Lorentzen T, Nolsøe C P, Adamsen S
Department of Radiology, Section for Ultrasound, and Department of Gastrointestinal Surgery, Copenhagen University Hospital at Herlev, Herlev, Denmark.
Acta Radiol. 2007 Feb;48(1):13-9. doi: 10.1080/02841850601045120.
To evaluate the effectiveness and safety of percutaneous radiologic gastrostomy (PRG) under ultrasonographic (US) and fluoroscopic guidance using a simplified gastropexy technique.
One hundred and fifty-four (154) patients (mean age 73, range 22-93 years) were referred for PRG. Indication for PRG was neurologic disease, head/neck cancer, and other disease in 73%, 15%, and 12%, respectively. Initially, the stomach was filled with 300-500 cm3 of tap water via a nasogastric tube. The fluid-filled stomach was punctured under US guidance. A guidewire and a single T-fastener were introduced. Under fluoroscopic guidance, the tract was dilated over the guidewire until a 16F dilator with a peel-away sheath could be introduced. During dilatation, the external suture string to the T-fastener was held tight to fixate the gastric wall. A 14F balloon-retained gastrostomy tube was introduced and inflated. The T-fastener was then released, and the gastrostomy tube was retracted gently to affix the gastric wall to the abdominal wall (tube gastropexy). Technical success was assured by aspiration of gastric fluid and fluoroscopically by injection of a water-soluble contrast medium.

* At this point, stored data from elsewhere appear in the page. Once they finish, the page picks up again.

(* For every finite zero-set $\mathcal Z$ there exists a time $T_{\max}=T_{\max}(\mathcal Z)$ such that for every set $A\subseteq\mathbb Z_+^2$ (not necessarily finite), $\mathcal T^{T_{\max}+1}(A)=\mathcal T^{T_{\max}}(A)$.
   Context: $\mathbb Z_+=\{0,1,2,\dots\}$, $R_{a,b}=([0,a-1]\times[0,b-1])\cap\mathbb Z_+^2$; a zero-set is a set $\mathcal Z\subseteq\mathbb Z_+^2$ that is a union of such rectangles. For $A\subseteq\mathbb Z_+^2$ and $x\in\mathbb Z_+^2$, $\mathrm{row}(x,A)$ (resp. $\mathrm{col}(x,A)$) is the (possibly infinite) number of points of $A$ on the horizontal (resp. vertical) line through $x$, and $\mathcal T(A)=A\cup\{x\notin A:(\mathrm{row}(x,A),\mathrm{col}(x,A))\notin\mathcal Z\}$ (a pair with an infinite coordinate is never in $\mathcal Z$). *)

From Stdlib Require Import List Arith.
Import ListNotations.

Definition pt := (nat * nat)%type.
Definition pset := pt -> Prop.

Definition rect (a b : nat) : pset := fun x => fst x < a /\ snd x < b.

Definition zero_set (Z : pset) : Prop :=
  exists F : nat -> nat -> Prop,
    forall x, Z x <-> exists a b, F a b /\ rect a b x.

Definition finite_pset (Z : pset) : Prop :=
  exists l : list pt, forall x, Z x -> In x l.

Definition has_card (P : nat -> Prop) (n : nat) : Prop :=
  exists l : list nat, NoDup l /\ length l = n /\ (forall y, P y <-> In y l).

Definition row_pts (x : pt) (A : pset) : nat -> Prop := fun y => A (y, snd x).
Definition col_pts (x : pt) (A : pset) : nat -> Prop := fun y => A (fst x, y).

(* (row(x,A), col(x,A)) is in Z: both counts finite and the pair lies in Z;
   a pair with an infinite coordinate is never in Z. *)
Definition rowcol_in (Z : pset) (A : pset) (x : pt) : Prop :=
  exists r c, has_card (row_pts x A) r /\ has_card (col_pts x A) c /\ Z (r, c).

Definition T_step (Z : pset) (A : pset) : pset :=
  fun x => A x \/ (~ A x /\ ~ rowcol_in Z A x).

Definition T_iter (Z : pset) (n : nat) (A : pset) : pset := Nat.iter n (T_step Z) A.

From Stdlib Require Import List Arith Lia Classical FunctionalExtensionality PropExtensionality.
Import ListNotations.

(* Choose N with every pair of Z below (N, N). A row or column holding at
   least N points of B lies entirely in T(B), and full lines stay full, so
   once 2N lines are full the next step fills the quadrant. In a run of
   N^2 + 2 consecutive steps that each add a point, some line must become
   full: otherwise every non-full line carries fewer than N points, and
   comparing with the non-full row and the non-full column of largest count
   shows that every point added during the first N^2 + 1 steps lies in a box
   with fewer than N^2 points. Hence the dynamics is stationary after
   2N(N^2 + 2) + 1 steps. *)

Definition atleast (P : nat -> Prop) (n : nat) : Prop :=
  exists l : list nat, NoDup l /\ n <= length l /\ forall y, In y l -> P y.

Lemma has_card_le_incl (P Q : nat -> Prop) r r' :
  (forall y, P y -> Q y) -> has_card P r -> has_card Q r' -> r <= r'.
Proof.
  intros HPQ (l & Hl & <- & HP) (l' & Hl' & <- & HQ).
  apply NoDup_incl_length; [exact Hl|]. intros y Hy. apply HQ, HPQ, HP, Hy.
Qed.

Lemma has_card_unique P r r' : has_card P r -> has_card P r' -> r = r'.
Proof. intros H H'. apply Nat.le_antisymm; eapply has_card_le_incl; eauto. Qed.

Lemma atleast_le_card P n r : atleast P n -> has_card P r -> n <= r.
Proof.
  intros (l & Hl & Hn & HP) (l' & _ & <- & HP').
  enough (length l <= length l') by lia.
  apply NoDup_incl_length; [exact Hl|]. intros y Hy. apply HP', HP, Hy.
Qed.

Lemma has_card_lt_of_not_atleast P n : ~ atleast P n -> exists r, r < n /\ has_card P r.
Proof.
  induction n as [|n IH]; intros Hfew.
  - exfalso. apply Hfew. exists []. repeat split; [constructor | lia | intros y []].
  - destruct (classic (atleast P n)) as [(l & Hl & Hn & HP) | Hn].
    + assert (Hlen : length l = n).
      { apply Nat.le_antisymm; [|exact Hn]. apply Nat.nlt_ge. intros Hlt.
        apply Hfew. exists l. auto. }
      exists (length l). split; [lia|]. exists l. repeat split; [exact Hl| |apply HP].
      intros Hy. apply NNPP. intros Hy'. apply Hfew.
      exists (y :: l). repeat split; [constructor; auto | simpl; lia |].
      intros z [<- | Hz]; auto.
    + destruct (IH Hn) as (r & Hr & Hcard). exists r. split; [lia | exact Hcard].
Qed.

Lemma bounded_ex_max (P : nat -> Prop) n :
  (forall r, P r -> r < n) -> (exists r, P r) ->
  exists r, P r /\ forall r', P r' -> r' <= r.
Proof.
  revert P. induction n as [|n IH]; intros P Hlt [r Hr].
  - apply Hlt in Hr. lia.
  - destruct (classic (P n)) as [Hn | Hn].
    + exists n. split; [exact Hn|]. intros r' Hr'. apply Hlt in Hr'. lia.
    + apply IH; [|eauto]. intros r' Hr'.
      destruct (Nat.eq_dec r' n) as [-> | Hne]; [contradiction|].
      apply Hlt in Hr'. lia.
Qed.

Lemma list_pt_bounded (l : list pt) : exists N, forall x, In x l -> fst x < N /\ snd x < N.
Proof.
  induction l as [|[p q] l [N HN]].
  - exists 0. intros x [].
  - exists (S (max N (max p q))). intros x [<- | Hx]; simpl; [lia|].
    apply HN in Hx. lia.
Qed.

Lemma new_points_bound {X : Type} (C : nat -> X -> Prop) (l : list X) s n :
  (forall t x, C t x -> C (S t) x) ->
  (forall t, s <= t < s + n -> exists x, C (S t) x /\ ~ C t x /\ In x l) ->
  n <= length l.
Proof.
  intros Hmono Hnew.
  assert (Hcollect : forall k, k <= n ->
            exists xs, NoDup xs /\ length xs = k /\ forall x, In x xs -> C (s + k) x /\ In x l).
  { induction k as [|k IH]; intros Hk.
    - exists []. split; [constructor | split; [reflexivity | intros x []]].
    - destruct IH as (xs & Hxs & Hlen & Hin); [lia|].
      destruct (Hnew (s + k) ltac:(lia)) as (x & Hx & Hx' & Hxl).
      exists (x :: xs). rewrite <- plus_n_Sm. split; [|split].
      + constructor; [|exact Hxs]. intros Hin'. apply Hx', Hin, Hin'.
      + simpl. lia.
      + intros y [<- | Hy]; [auto|]. split; [apply Hmono|]; apply Hin, Hy. }
  destruct (Hcollect n (le_n n)) as (xs & Hxs & <- & Hin).
  apply NoDup_incl_length; [exact Hxs|]. intros x Hx. apply Hin, Hx.
Qed.

(* The line [(true, i)] is the row through height [i], the line [(false, j)]
   the column through abscissa [j]; [line_pt l y] is the point at position
   [y] along [l]. *)
Definition line := (bool * nat)%type.

Definition line_pt (l : line) (y : nat) : pt :=
  if fst l then (y, snd l) else (snd l, y).

Definition line_pts (B : pset) (l : line) : nat -> Prop := fun y => B (line_pt l y).

Definition full_line (B : pset) (l : line) : Prop := forall y, B (line_pt l y).

Definition line_through (b : bool) (x : pt) : line := (b, if b then snd x else fst x).

Definition pos_on (b : bool) (x : pt) : nat := if b then fst x else snd x.

Lemma line_pt_through b x : line_pt (line_through b x) (pos_on b x) = x.
Proof. destruct b, x; reflexivity. Qed.

Lemma line_through_pt b k y : line_through b (line_pt (b, k) y) = (b, k).
Proof. destruct b; reflexivity. Qed.

Lemma line_through_cross b k x :
  line_through (negb b) (line_pt (b, k) (pos_on b x)) = line_through (negb b) x.
Proof. destruct b; reflexivity. Qed.

Lemma line_pt_transpose b q k : line_pt (negb b, q) k = line_pt (b, k) q.
Proof. destruct b; reflexivity. Qed.

Lemma not_full_line_through (B : pset) x b : ~ B x -> ~ full_line B (line_through b x).
Proof. intros Hx Hfull. apply Hx. rewrite <- (line_pt_through b x). apply Hfull. Qed.

Lemma split_by_orientation (ls : list line) :
  NoDup ls -> exists b ks, NoDup ks /\ length ls <= 2 * length ks /\
                           forall k, In k ks -> In (b, k) ls.
Proof.
  intros Hnd.
  assert (Hsplit : exists rows cols, NoDup rows /\ NoDup cols /\
            length rows + length cols = length ls /\
            (forall k, In k rows -> In (true, k) ls) /\ (forall k, In k cols -> In (false, k) ls)).
  { induction ls as [|[b k] ls IH].
    - exists [], []. repeat split; [constructor | constructor | intros ? []..].
    - inversion Hnd as [|? ? Hk Hnd']; subst.
      destruct (IH Hnd') as (rows & cols & Hr & Hc & Hlen & Hrows & Hcols).
      destruct b; [exists (k :: rows), cols | exists rows, (k :: cols)];
        repeat split; simpl; try lia; try assumption;
        try (constructor; [intros Hin; apply Hk; auto | assumption]);
        intros k' Hk'; simpl in Hk'; intuition (subst; auto). }
  destruct Hsplit as (rows & cols & Hr & Hc & Hlen & Hrows & Hcols).
  destruct (le_lt_dec (length cols) (length rows)).
  - exists true, rows. repeat split; [exact Hr | lia | exact Hrows].
  - exists false, cols. repeat split; [exact Hc | lia | exact Hcols].
Qed.

Lemma T_step_of_not_rowcol_in Z B x : ~ rowcol_in Z B x -> T_step Z B x.
Proof. intros Hx. destruct (classic (B x)); [left | right]; tauto. Qed.

Lemma not_rowcol_in_of_added Z B x : ~ B x -> T_step Z B x -> ~ rowcol_in Z B x.
Proof. intros Hout [Hin | [_ Hx]]; tauto. Qed.

Lemma T_iter_S Z n A : T_iter Z (S n) A = T_step Z (T_iter Z n A).
Proof. reflexivity. Qed.

Lemma T_iter_mono Z A t t' x : t <= t' -> T_iter Z t A x -> T_iter Z t' A x.
Proof. intros Hle. induction Hle; intros Hx; [exact Hx|]. rewrite T_iter_S. left. auto. Qed.

Definition added_at (Z A : pset) (t : nat) (x : pt) : Prop :=
  T_iter Z (S t) A x /\ ~ T_iter Z t A x.

Lemma T_iter_stationary Z A t :
  (forall x, ~ added_at Z A t x) -> forall k, t <= k -> T_iter Z k A = T_iter Z t A.
Proof.
  intros Hstill k Hk.
  assert (Hstep : T_iter Z (S t) A = T_iter Z t A).
  { apply functional_extensionality. intros x. apply propositional_extensionality. split.
    - intros Hx. apply NNPP. intros Hx'. exact (Hstill x (conj Hx Hx')).
    - intros Hx. rewrite T_iter_S. left. exact Hx. }
  induction Hk as [|k Hk IH]; [reflexivity|].
  rewrite T_iter_S, IH, <- T_iter_S. exact Hstep.
Qed.

Lemma full_lines_of_windows Z A L m :
  (forall i, i < m -> exists t l, i * L <= t < i * L + L /\
     full_line (T_iter Z (S t) A) l /\ ~ full_line (T_iter Z t A) l) ->
  exists ls, NoDup ls /\ length ls = m /\ forall l, In l ls -> full_line (T_iter Z (m * L) A) l.
Proof.
  assert (Hmono : forall t t' l, t <= t' ->
            full_line (T_iter Z t A) l -> full_line (T_iter Z t' A) l).
  { intros t t' l Hle Hfull y. exact (T_iter_mono Z A t t' _ Hle (Hfull y)). }
  induction m as [|m IH]; intros Hwin.
  - exists []. split; [constructor | split; [reflexivity | intros l []]].
  - destruct IH as (ls & Hnd & Hlen & Hfull); [intros i Hi; apply Hwin; lia|].
    destruct (Hwin m (Nat.lt_succ_diag_r m)) as (t & l & Ht & Hl & Hl').
    exists (l :: ls). repeat split.
    + constructor; [|exact Hnd]. intros Hin. apply Hl', (Hmono (m * L)); [lia|].
      apply Hfull, Hin.
    + simpl. lia.
    + intros l' [<- | Hin]; [apply (Hmono (S t)) | apply (Hmono (m * L))];
        auto; simpl; nia.
Qed.

Lemma zero_set_down_closed Z :
  zero_set Z -> forall r c r' c', Z (r, c) -> r' <= r -> c' <= c -> Z (r', c').
Proof.
  intros [F HF] r c r' c' HZ Hr Hc. apply HF in HZ.
  destruct HZ as (a & b & Hab & Ha & Hb). apply HF.
  exists a, b. split; [exact Hab|]. split; simpl in *; lia.
Qed.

The primary technical success rate was 98%. At 30-day follow-up, 3.2% had major complications and 14% minor complications. Three patients (1.9%) died of complications related to the procedure. Thirteen cases (8%) of simple tube displacement without other complications occurred.
PRG guided by US and fluoroscopy is a relatively safe technique with a high success rate, provided the stomach can be properly distended with fluid. However, tube gastropexy alone does not seem to protect against early dislodgement.
评估在超声(US)和荧光镜引导下使用简化胃固定技术进行经皮放射学胃造口术(PRG)的有效性和安全性。
154例患者(平均年龄73岁,范围22 - 93岁)接受PRG治疗。PRG的适应证分别为神经系统疾病、头颈部癌和其他疾病,各占73%、15%和12%。最初,通过鼻胃管向胃内注入300 - 500 cm³的自来水。在超声引导下穿刺充满液体的胃。引入导丝和单个T形紧固件。在荧光镜引导下,沿导丝扩张通道,直至可引入带有可剥离鞘的16F扩张器。扩张过程中,将T形紧固件的外部缝合线拉紧以固定胃壁。引入14F球囊保留胃造口管并充气。然后松开T形紧固件,轻轻回撤胃造口管以将胃壁固定于腹壁(管胃固定术)。通过抽吸胃液和荧光镜下注射水溶性造影剂确保技术成功。
主要技术成功率为98%。在30天随访时,3.2%发生严重并发症,14%发生轻微并发症。3例患者(1.9%)死于与手术相关的并发症。发生13例(8%)单纯导管移位且无其他并发症。
在超声和荧光镜引导下的PRG是一种相对安全且成功率高的技术,前提是胃能够用液体适当扩张。然而,单纯的管胃固定术似乎不能防止早期移位。